→ **Data provided**:
(* Assume that $R,\dot R,\ddot R,\dddot R$ satisfy the bicolored tetrahedron equations for every $\sigma\in\mathbb{Z}/2\mathbb{Z}$ and all spectral parameters, that $\dddot R^{[\sigma]}(r_1,r_2,r_3)$ is invertible for all $\sigma$ and all $r_1,r_2,r_3\in C$, and that for every $\sigma$ and all parameters of two planes $3<4$ (larger than all $1_l$ and $2_m$) the trace reduction $\ddot{\mathbf R}^{[\sigma]}_{34}$ is invertible. Then for all $\sigma\in\mathbb{Z}/2\mathbb{Z}$ and all $r,r'\in C$, $$T^{[\sigma]}(r)\,\dot T^{[\sigma+1]}(r')=\dot T^{[\sigma]}(r')\,T^{[\sigma+1]}(r)$$ as operators on $W=\bigotimes_{l,m}V_{(1_l2_m)}$.
   Context: Let $V$ be a finite-dimensional complex vector space and $C$ a set (of spectral parameters). Let $R,\dot R,\ddot R,\dddot R:\mathbb{Z}/2\mathbb{Z}\times C^3\to\mathrm{End}(V\otimes V\otimes V)$ be maps; write $X^{[\sigma]}(r_1,r_2,r_3)$ for the value of $X\in\{R,\dot R,\ddot R,\dddot R\}$ at $(\sigma,r_1,r_2,r_3)$. Superscript colors $[\sigma]$ are always read modulo 2. Notation: consider a finite totally ordered set of ''planes'', each plane $\alpha$ carrying a parameter $r_\alpha\in C$. For each pair $\alpha<\beta$ let $V_{(\alpha\beta)}$ be a copy of $V$. For $\alpha<\beta<\gamma$, $X^{[\sigma]}_{(\alpha\beta\gamma)}$ denotes the operator on the tensor product of all the spaces $V_{(\cdot\cdot)}$ under consideration that acts as $X^{[\sigma]}(r_\alpha,r_\beta,r_\gamma)$ on $V_{(\alpha\beta)}\otimes V_{(\alpha\gamma)}\otimes V_{(\beta\gamma)}$ (in this order) and as the identity on all other factors. Bicolored tetrahedron equations (BTE$[\sigma]$): for any four planes $1<2<3<4$ with arbitrary parameters $r_1,r_2,r_3,r_4\in C$, on $V_{(12)}\otimes V_{(13)}\otimes V_{(14)}\otimes V_{(23)}\otimes V_{(24)}\otimes V_{(34)}$, $$R^{[\sigma]}_{(123)}\dot R^{[\sigma+1]}_{(124)}\ddot R^{[\sigma]}_{(134)}\dddot R^{[\sigma+1]}_{(234)}=\dddot R^{[\sigma]}_{(234)}\ddot R^{[\sigma+1]}_{(134)}\dot R^{[\sigma]}_{(124)}R^{[\sigma+1]}_{(123)}.$$ Fix integers $L,M\ge1$, planes $1_1<\dots<1_{2L}<2_1<\dots<2_{2M}$ with fixed arbitrary parameters $r_{1_l},r_{2_m}\in C$. Trace reduction: for planes $\alpha<\beta$ larger than all $1_l$, define $$\mathbf{R}^{[\sigma]}_{\alpha\beta}:=\mathrm{Tr}_{V_{(\alpha\beta)}}\Bigl(R^{[\sigma+1]}_{(1_1\alpha\beta)}R^{[\sigma+2]}_{(1_2\alpha\beta)}\cdots R^{[\sigma+2L]}_{(1_{2L}\alpha\beta)}\Bigr)$$ (partial trace over $V_{(\alpha\beta)}$), an operator on $\bigotimes_l(V_{(1_l\alpha)}\otimes V_{(1_l\beta)})$; $\dot{\mathbf R},\ddot{\mathbf R}$ are defined likewise from $\dot R,\ddot R$. Layer transfer matrix: for $r\in C$, let $3$ be an extra plane larger than all $2_m$ with parameter $r_3=r$, and set $$T^{[\sigma]}(r):=\mathrm{Tr}_{\bigotimes_l V_{(1_l3)}}\Bigl(\mathbf R^{[\sigma+1]}_{2_1 3}\,\mathbf R^{[\sigma+2]}_{2_2 3}\cdots\mathbf R^{[\sigma+2M]}_{2_{2M}3}\Bigr),$$ an operator on $W=\bigotimes_{l,m}V_{(1_l2_m)}$ (it depends only on $r$, not on the label of the extra plane). $\dot T^{[\sigma]}(r)$ is defined the same way with $\mathbf R$ replaced by $\dot{\mathbf R}$. *)

From HB Require Import structures.
From mathcomp Require Import all_boot all_order all_algebra.
From mathcomp Require Import reals.
From mathcomp.real_closed Require Import complex.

→ **Task instructions**: Set each line down exactly, beginning at the one containing "From HB Require Import structures." and ending at the last line of the material above.

→ **Answer to this problem**:
From HB Require Import structures.
From mathcomp Require Import all_boot all_order all_algebra.
From mathcomp Require Import reals.
From mathcomp.real_closed Require Import complex.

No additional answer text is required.